Европейская поэзия XVII века — страница 29 из 82

ПАСКОЕ ПРИМОВИЧ{50}

«ФЕЛУКУ ПОСЛАЛИ УСКОКАМ НАВСТРЕЧУ...»[126]

Фелуку послали ускокам навстречу,

плывет она в дали, в жестокую сечу.

И чтоб безрассудно не сгинуть в сраженье,

на Лопуде[127] судно возьмет подкрепленье.

Оттуда дорогу на Вратник[128] проложит,

где вражью берлогу отряд уничтожит.

Как ядра фелуки — злосчастным ускокам,

так мне мои муки ниспосланы роком.

А радость былую верну я и силу,

когда поцелую тебя, мою вилу.[129]

«ФИГЛИ СТРОИЛА ТЫ ДВУМ МОЛОДЦАМ В СУТАНАХ...»

Фигли строила ты двум молодцам в сутанах.

Сколько мне пришло на ум мыслей нежеланных!

Или вправду промеж вас шашни? О, создатель!

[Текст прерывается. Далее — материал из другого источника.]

(* Let $p\geq 1$, $\vec n\in\mathbb N_0^p$, $N\in\mathbb N_0$ with $|\vec n|\le N$, and let $\alpha_1,\dots,\alpha_p,\beta,x\in\mathbb R$ be such that all Pochhammer symbols appearing in denominators below are nonzero. Then $$\sum_{l_1=0}^{n_1}\cdots\sum_{l_p=0}^{n_p}\frac{(-N)_{l_1+\cdots+l_p}(x)_{l_1+\cdots+l_p}}{(x+\beta+2)_{l_1+\cdots+l_p}}C^{l_1,\dots,l_p}_{\vec n}=\frac{(\beta+2)_{|\vec n|-1}(-N)_{|\vec n|}}{(x+\beta+2)_{|\vec n|}\prod_{q=1}^p(\alpha_q+\beta+|\vec n|+1)_{n_q}}\Big((x+\beta+|\vec n|+1)\prod_{q=1}^p(\alpha_q-x+1)_{n_q}-x\prod_{q=1}^p(\alpha_q-x)_{n_q}\Big).$$
   Context: $(a)_m=a(a+1)\cdots(a+m-1)$, $(a)_0=1$, and for $m\ge1$, $(a)_{m-1}$ is as usual; $|\vec n|=n_1+\cdots+n_p$. The coefficients are $$C^{l_1,\dots,l_p}_{\vec n}=\frac{(-N)_{|\vec n|}}{(-N)_{l_1+\cdots+l_p}}\prod_{i=1}^p\frac{(\alpha_i+1)_{n_i}}{(\alpha_i+\beta+|\vec n|+1)_{n_i}}\frac{(-n_i)_{l_i}}{l_i!}\frac{(\alpha_i+\beta+\sum_{k=1}^i n_k+1)_{\sum_{j=i}^p l_j}}{(\alpha_i+1)_{\sum_{j=i}^p l_j}}\prod_{i=1}^{p-1}\frac{(\alpha_i+n_i+1)_{\sum_{j=i+1}^p l_j}}{(\alpha_i+\beta+\sum_{k=1}^i n_k+1)_{\sum_{j=i+1}^p l_j}}.$$ *)

From HB Require Import structures.
From mathcomp Require Import all_boot all_order all_algebra.
Set Implicit Arguments. Unset Strict Implicit. Unset Printing Implicit Defensive.
Import Order.TTheory GRing.Theory Num.Theory.
Local Open Scope ring_scope.

Definition poch {R : pzRingType} (a : R) (m : nat) : R :=
  \prod_(i < m) (a + i%:R).

(* (a)_{m-1} with the standard convention (a)_{-1} = 1/(a-1) when m = 0. *)
Definition poch_pred {R : fieldType} (a : R) (m : nat) : R :=
  if m is m'.+1 then poch a m' else (a - 1)^-1.

Definition tot {p : nat} (n : 'I_p -> nat) : nat := (\sum_(i < p) n i)%N.

Definition sum_ge {p : nat} (l : 'I_p -> nat) (i : 'I_p) : nat :=
  (\sum_(j < p | (i <= j)%N) l j)%N.
Definition sum_gt {p : nat} (l : 'I_p -> nat) (i : 'I_p) : nat :=
  (\sum_(j < p | (i < j)%N) l j)%N.
Definition sum_le {p : nat} (n : 'I_p -> nat) (i : 'I_p) : nat :=
  (\sum_(k < p | (k <= i)%N) n k)%N.

(* The coefficient C^{l_1,...,l_p}_{n} of the paper (indices i = 1..p are
   the ordinals 0..p-1; the product over i = 1..p-1 is over i with i+1 < p). *)
Definition Ccoef {R : fieldType} (p N : nat) (alpha : 'I_p -> R) (beta : R)
    (n l : 'I_p -> nat) : R :=
  poch (- (N%:R)) (tot n) / poch (- (N%:R)) (tot l)
  * (\prod_(i < p)
       (poch (alpha i + 1) (n i) / poch (alpha i + beta + (tot n)%:R + 1) (n i)
        * (poch (- ((n i)%:R)) (l i) / ((l i)`!)%:R)
        * (poch (alpha i + beta + (sum_le n i)%:R + 1) (sum_ge l i)
           / poch (alpha i + 1) (sum_ge l i))))
  * (\prod_(i < p | (i.+1 < p)%N)
       (poch (alpha i + (n i)%:R + 1) (sum_gt l i)
        / poch (alpha i + beta + (sum_le n i)%:R + 1) (sum_gt l i))).

From HB Require Import structures.
From mathcomp Require Import all_boot all_order all_algebra.
From mathcomp Require Import ring.
From Stdlib Require Import FunctionalExtensionality.
Set Implicit Arguments.
Unset Strict Implicit.
Unset Printing Implicit Defensive.

Import Order.TTheory GRing.Theory Num.Theory.
Local Open Scope ring_scope.

(* Once the factors of C that do not depend on l are pulled out, what remains
   (Ccore) factors coordinate by coordinate, the first coordinate contributing
   [head_coef].  With l_2, ..., l_p fixed, the sum over l_1 of
   (x)_{|l|} / (x + b + 1)_{|l|} times [head_coef] is a balanced terminating
   3F2(1), so Pfaff-Saalschutz evaluates it as a multiple of the same weight with
   b replaced by b + n_1; by induction on p this gives a product formula
   ([Csum_x1]).  For the weight (x)_{|l|} / (x + b + 2)_{|l|} of the theorem the
   3F2 is not balanced, and one contiguous relation splits it into two balanced
   ones, leaving a combination of both weights in the remaining coordinates; a
   second induction on p, using [Csum_x1], gives the closed form ([Csum_x2]). *)

Local Notation tail f := (fun j => f (lift ord0 j)).

Section PochhammerRing.
Variable R : pzRingType.
Implicit Types a z : R.

Lemma poch0 a : poch a 0%N = 1.
Proof. by rewrite /poch big_ord0. Qed.

Lemma poch_recr a n : poch a n.+1 = poch a n * (a + n%:R).
Proof. by rewrite /poch big_ord_recr. Qed.

Lemma poch_recl a n : poch a n.+1 = a * poch (a + 1) n.
Proof.
rewrite /poch big_ord_recl /= addr0; congr (_ * _).
by apply: eq_bigr => i _; rewrite /bump /= add1n -addn1 natrD addrA addrAC.
Qed.

Lemma poch_add a m k : poch a (m + k) = poch a m * poch (a + m%:R) k.
Proof.
rewrite /poch big_split_ord /=; congr (_ * _).
by apply: eq_bigr => i _ /=; rewrite natrD addrA.
Qed.

End PochhammerRing.

Section PochhammerComRing.
Variable R : comPzRingType.
Implicit Types a z : R.

Lemma poch_reflect z n : poch (- z - n%:R + 1) n = (-1) ^+ n * poch z n.
Proof.
elim: n z => [|n IH] z; first by rewrite !poch0 expr0 mulr1.
rewrite poch_recl poch_recr exprS.
have -> : - z - n.+1%:R + 1 + 1 = - z - n%:R + 1 by rewrite -natr1; ring.
by rewrite IH -natr1; ring.
Qed.

Lemma mul_signr_sqr n a b : (-1) ^+ n * a * ((-1) ^+ n * b) = a * b.
Proof. by rewrite mulrACA -exprMn mulrNN mulr1 expr1n mul1r. Qed.

End PochhammerComRing.

Section Hypergeometric.
Variable R : numFieldType.
Implicit Types a b c d x z al be : R.

Lemma poch_add_neq0 {z m k} : poch z (m + k) != 0 ->
  poch z m != 0 /\ poch (z + m%:R) k != 0.
Proof. by rewrite poch_add mulf_eq0 negb_or => /andP[]. Qed.

Lemma poch_neq0_le {z m n} : (m <= n)%N -> poch z n != 0 -> poch z m != 0.
Proof. by move=> /subnKC <- /poch_add_neq0[]. Qed.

Все проведает тотчас грозный настоятель.

Он таков, душа моя — все пред ним робеем,

словно малая змея перед лютым змеем.

Как ты терпишь, ангел мой, черноризцев рядом?

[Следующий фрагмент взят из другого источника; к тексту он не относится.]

Lemma atan_ratio_converges a b d La Lb :
  (forall N, 0 < a N) -> (forall N, 0 < b N) -> (forall N, 0 < d N) ->
  Un_cv (fun N => a N / d N) La -> Un_cv (fun N => b N / d N) Lb -> 0 < La \/ 0 < Lb ->
  exists l, Un_cv (fun N => atan (a N / b N)) l.
Proof.
move=> a_gt0 b_gt0 d_gt0 cv_a cv_b; case: (Rlt_or_le 0 Lb) => [Lb_gt0 _ | Lb_le0 La_gt0].
  by exists (atan (La / Lb)); exact: (Un_cv_atan_ratio b_gt0 d_gt0 cv_a cv_b).
exists (PI / 2 - atan (Lb / La)); apply: atan_ratio_swap => //.
apply: (Un_cv_atan_ratio a_gt0 d_gt0 cv_b cv_a); lra.
Qed.

Section Polynomials.

Variables (E : finType) (Rt : nat -> E -> E -> R).

Definition add_exponent (k1 k2 : E -> E -> nat) : E -> E -> nat :=
  fun x y => (k1 x y + k2 x y)%nat.

Definition zero_exponent : E -> E -> nat := fun _ _ => 0%nat.

Definition unit_exponent (x y : E) : E -> E -> nat :=
  fun a b => if (a == x) && (b == y) then 1%nat else 0%nat.

Lemma exponent_zero : exponent Rt 0 zero_exponent.
Proof. by split=> // ; rewrite big1. Qed.

Lemma exponentD m1 m2 k1 k2 :
  exponent Rt m1 k1 -> exponent Rt m2 k2 -> exponent Rt (m1 + m2) (add_exponent k1 k2).
Proof.
move=> [bond1 sum1] [bond2 sum2]; split; last by rewrite big_split /= sum1 sum2.
move=> x y; rewrite /add_exponent.
by case: (k1 x y) (bond1 x y) => [_ | n k1_bond _]; [apply: bond2 | apply: k1_bond].
Qed.

Lemma unit_exponent_other x y (p : E * E) : p != (x, y) -> unit_exponent x y p.1 p.2 = 0%nat.
Proof.
case: p => a b /=; rewrite /unit_exponent xpair_eqE.
by case: (a == x) (b == y) => [] [].
Qed.

Lemma exponent_unit x y : bond Rt x y -> exponent Rt 1 (unit_exponent x y).
Proof.
move=> xy_bond; have xy : x != y by apply/eqP; case: xy_bond.
split=> [a b | ].
  by rewrite /unit_exponent; case: (eqVneq a x) (eqVneq b y) => [-> | //] [-> | //].
rewrite (bigD1 (x, y)) //= big1 => [|p /andP[_ p_xy]]; last exact: unit_exponent_other.
by rewrite /unit_exponent !eqxx.
Qed.

Lemma monomial_zero N : monomial Rt zero_exponent N = 1.
Proof. by rewrite /monomial big1. Qed.

Lemma monomialD k1 k2 N :
  monomial Rt (add_exponent k1 k2) N = monomial Rt k1 N * monomial Rt k2 N.
Proof. by rewrite /monomial -big_split; apply: eq_bigr => p _; rewrite pow_add. Qed.

Lemma monomial_unit x y N : x != y -> monomial Rt (unit_exponent x y) N = Rt N x y.
Proof.
move=> xy; rewrite /monomial (bigD1 (x, y)) //= big1 => [|p /andP[_ p_xy]].
  by rewrite /unit_exponent !eqxx /=; ring.
by rewrite unit_exponent_other.
Qed.

Lemma monomial_gt0 {m k} N : exponent Rt m k -> 0 < monomial Rt k N.
Proof.
move=> [k_bond _]; apply: (big_ind (fun x => 0 < x)) => [|u v|[x y] _ /=]; first lra.
  exact: Rmult_lt_0_compat.
case: (eqVneq (k x y) 0%nat) => [-> | /eqP k_xy]; first by rewrite pow_O; lra.
by apply: pow_lt; case: (k_bond x y k_xy) => _; apply.
Qed.

Local Notation poly := (seq (R * (E -> E -> nat))).

Definition peval (P : poly) N : R := \big[Rplus/0]_(t <- P) (t.1 * monomial Rt t.2 N).

Definition homog m (P : poly) : Prop :=
  forall t, List.In t P -> 0 < t.1 /\ exponent Rt m t.2.

Definition pmul (P Q : poly) : poly :=
  [seq (t.1 * u.1, add_exponent t.2 u.2) | t <- P, u <- Q].

Definition pconst c : poly := [:: (c, zero_exponent)].

Lemma peval_cat P Q N : peval (P ++ Q) N = peval P N + peval Q N.
Proof. exact: big_cat. Qed.

Lemma peval_mul P Q N : peval (pmul P Q) N = peval P N * peval Q N.
Proof.
rewrite /peval /pmul big_allpairs_dep big_distrl /=; apply: eq_bigr => t _.
rewrite big_distrr /=; apply: eq_bigr => u _; rewrite monomialD; ring.
Qed.

Lemma peval_const c N : peval (pconst c) N = c.
Proof. by rewrite /peval big_seq1 monomial_zero Rmult_1_r. Qed.

Lemma homog_cat m P Q : homog m P -> homog m Q -> homog m (P ++ Q).
Proof. by move=> homP homQ t /List.in_app_iff [] ?; [apply: homP | apply: homQ]. Qed.

Lemma homog_mul m1 m2 P Q : homog m1 P -> homog m2 Q -> homog (m1 + m2) (pmul P Q).
Proof.
elim: P => [|t P IHP] homtP homQ u //=.
move=> /List.in_app_iff[/List.in_map_iff[v [<- Qv]] | PQu]; last first.
  by apply: IHP => // w Pw; apply: homtP; right.
have [t1_gt0 t2_exp] := homtP t (or_introl erefl); have [v1_gt0 v2_exp] := homQ v Qv.
by split; [apply: Rmult_lt_0_compat | apply: exponentD].
Qed.

Lemma homog_const c : 0 < c -> homog 0 (pconst c).
Proof. by move=> c_gt0 t [<- | []]; split; last exact: exponent_zero. Qed.

Lemma peval_ge0 m P N : homog m P -> 0 <= peval P N.
Proof.
elim: P => [|t P IHP] homtP; first by rewrite /peval big_nil; lra.
have [t1_gt0 t2_exp] := homtP t (or_introl erefl).
have := monomial_gt0 N t2_exp; have : 0 <= peval P N by apply: IHP => u Pu; apply: homtP; right.
by rewrite /peval big_cons; nra.
Qed.

Lemma peval_gt0 m t P N : homog m (t :: P) -> 0 < peval (t :: P) N.
Proof.
move=> homtP; have [t1_gt0 t2_exp] := homtP t (or_introl erefl).
have := monomial_gt0 N t2_exp; have : 0 <= peval P N.
  by apply: (@peval_ge0 m) => u Pu; apply: homtP; right.
by rewrite /peval big_cons; nra.
Qed.

End Polynomials.

Section Dominance.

Уж меня ты удостой благосклонным взглядом.

А тебе я послужу честно, без обману,

днем и ночью госпожу ублажать я стану.

«ФРА МАРТИН ЗАЗВОНИЛ В СВОИ КОЛОКОЛА...»

Фра Мартин зазвонил в свои колокола,

денницу возвестил, и — светлая взошла.

Измученный тоской, сомкнуть я глаз не мог,

лишь утренней порой уснул без задних ног.

О, как был счастлив я, когда в чудесном сне

владычица моя пришла в постель ко мне.

Когда обнять хотел я несравненный стан,

вдруг сон мой улетел, растаял, как туман.

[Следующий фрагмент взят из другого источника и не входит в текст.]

Definition ones : proposal 1 := [ffun => true].

Lemma supports_ones : supports ones ones.
Proof.
rewrite /supports /hamming.
have -> : [set i | ones i != ones i] = set0 by apply/setP=> i; rewrite !inE eqxx.
have -> : [set i | ones i != status_quo 1 i] = setT by apply/setP=> i; rewrite !inE !ffunE.
by rewrite cards0 cardsT card_ord.
Qed.

Definition coalitions_of n (P : {set {set 'I_n}}) : {set coalition n 1} :=
  [set (C, ones) | C in P].

Lemma coalitions_of_structure n (P : {set {set 'I_n}}) :
  partition P [set: 'I_n] -> is_coalition_structure (fun=> ones) (coalitions_of P).
Proof.
move=> P_part; split; first by rewrite -imset_comp imset_id.
split; first by move=> _ _ /imsetP[C _ ->] /imsetP[D _ ->] /= ->.
by move=> _ /imsetP[C _ ->]; apply/forall_inP=> i _; apply: supports_ones.
Qed.

Lemma merge_step_compromise n k (P P' : {set {set 'I_n}}) : 1 < k -> merge_step P P' ->
  k_compromise_step (fun=> ones) k (coalitions_of P) (coalitions_of P').
Proof.
move=> k1 [A [B [S [/and5P[AP BP AB SAB /and4P[SA0 SB0 AS BS]] ->]]]].
exists [set (A, ones); (B, ones)], S, ones; split.
  by apply/subsetP=> _ /set2P[] ->; apply: imset_f.
split; first by rewrite cards2; case: (_ != _); lia.
split.
  apply/subsetP=> z /(subsetP SAB) /setUP[zA | zB]; apply/bigcupP.
    by exists (A, ones); rewrite ?set21.
  by exists (B, ones); rewrite ?set22.
split; first by move=> _ /set2P[] ->.
split; first by move=> i _; apply: supports_ones.
rewrite /coalitions_of imsetU1; congr (_ |: _).
rewrite -imset_comp; apply/setP=> x; apply/imsetP/imsetP=> [[C /[!inE] /andP[CP CS] ->] | ].
  by exists (C, ones); rewrite // inE imset_f.
by case=> _ /[!inE] /andP[/imsetP[C CP ->] CS] ->; exists C; rewrite // inE CP.
Qed.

А мне опять страдать, смиряя горький стон.

О, если бы опять увидеть этот сон.

ХОРАЦИЕ МАЖИБРАДИЧ{51}

«СВЕТ МОЙ, СЛАДОСТНАЯ ВИЛА...»

Свет мой, сладостная вила

на восходе солнца,

сидя у оконца,

злато прядей распустила

вдоль прекрасной выи, —

грели душу мне не раз

косы золотые.

Ветер ласковый с Амуром

игрища затеял,

ей в лицо повеял,

липнут к прядям белокурым

бедокуры эти,

тонкой пряжей завладев,

мне сплетают сети.

Изловить хотят, как птицу,

милой на потеху,

мне же не до смеху,

о, за что меня в темницу?!

Нет, не уповаю

я на милость госпожи,

в пламени страдаю.

О, какая злая доля,

говорю по чести,

с этим ветром вместе

принесла мне столько боли,

что в слезах тоскую

и влачу большой валун

на гору крутую.

«КАК БЕЗ СЕРДЦА С ЖИЗНЬЮ СЛАЖУ?..»[130]

Как без сердца с жизнью слажу?

Я его оставил где-то.

Сердце! Сердце! — нет ответа.

Где же мне найти пропажу?

Ах, куда оно девалось?

Ждать ли встречи, боже правый?

Горечь дум страшней отравы,

жить не долго мне осталось.

Таковы причуды страсти,

что склонясь к ее приказам,

гибнет сердце, гибнет разум,

и душе грозят напасти.

Если кто-то в полной мере

жив без сердца, о мой боже,

сделай так, чтоб мог я тоже

пережить печаль потери.

С ОСТРОВА МЛЕТ[131]

Отверженным я стал, наказан за грехи я,

живу средь голых скал в плену морской стихии.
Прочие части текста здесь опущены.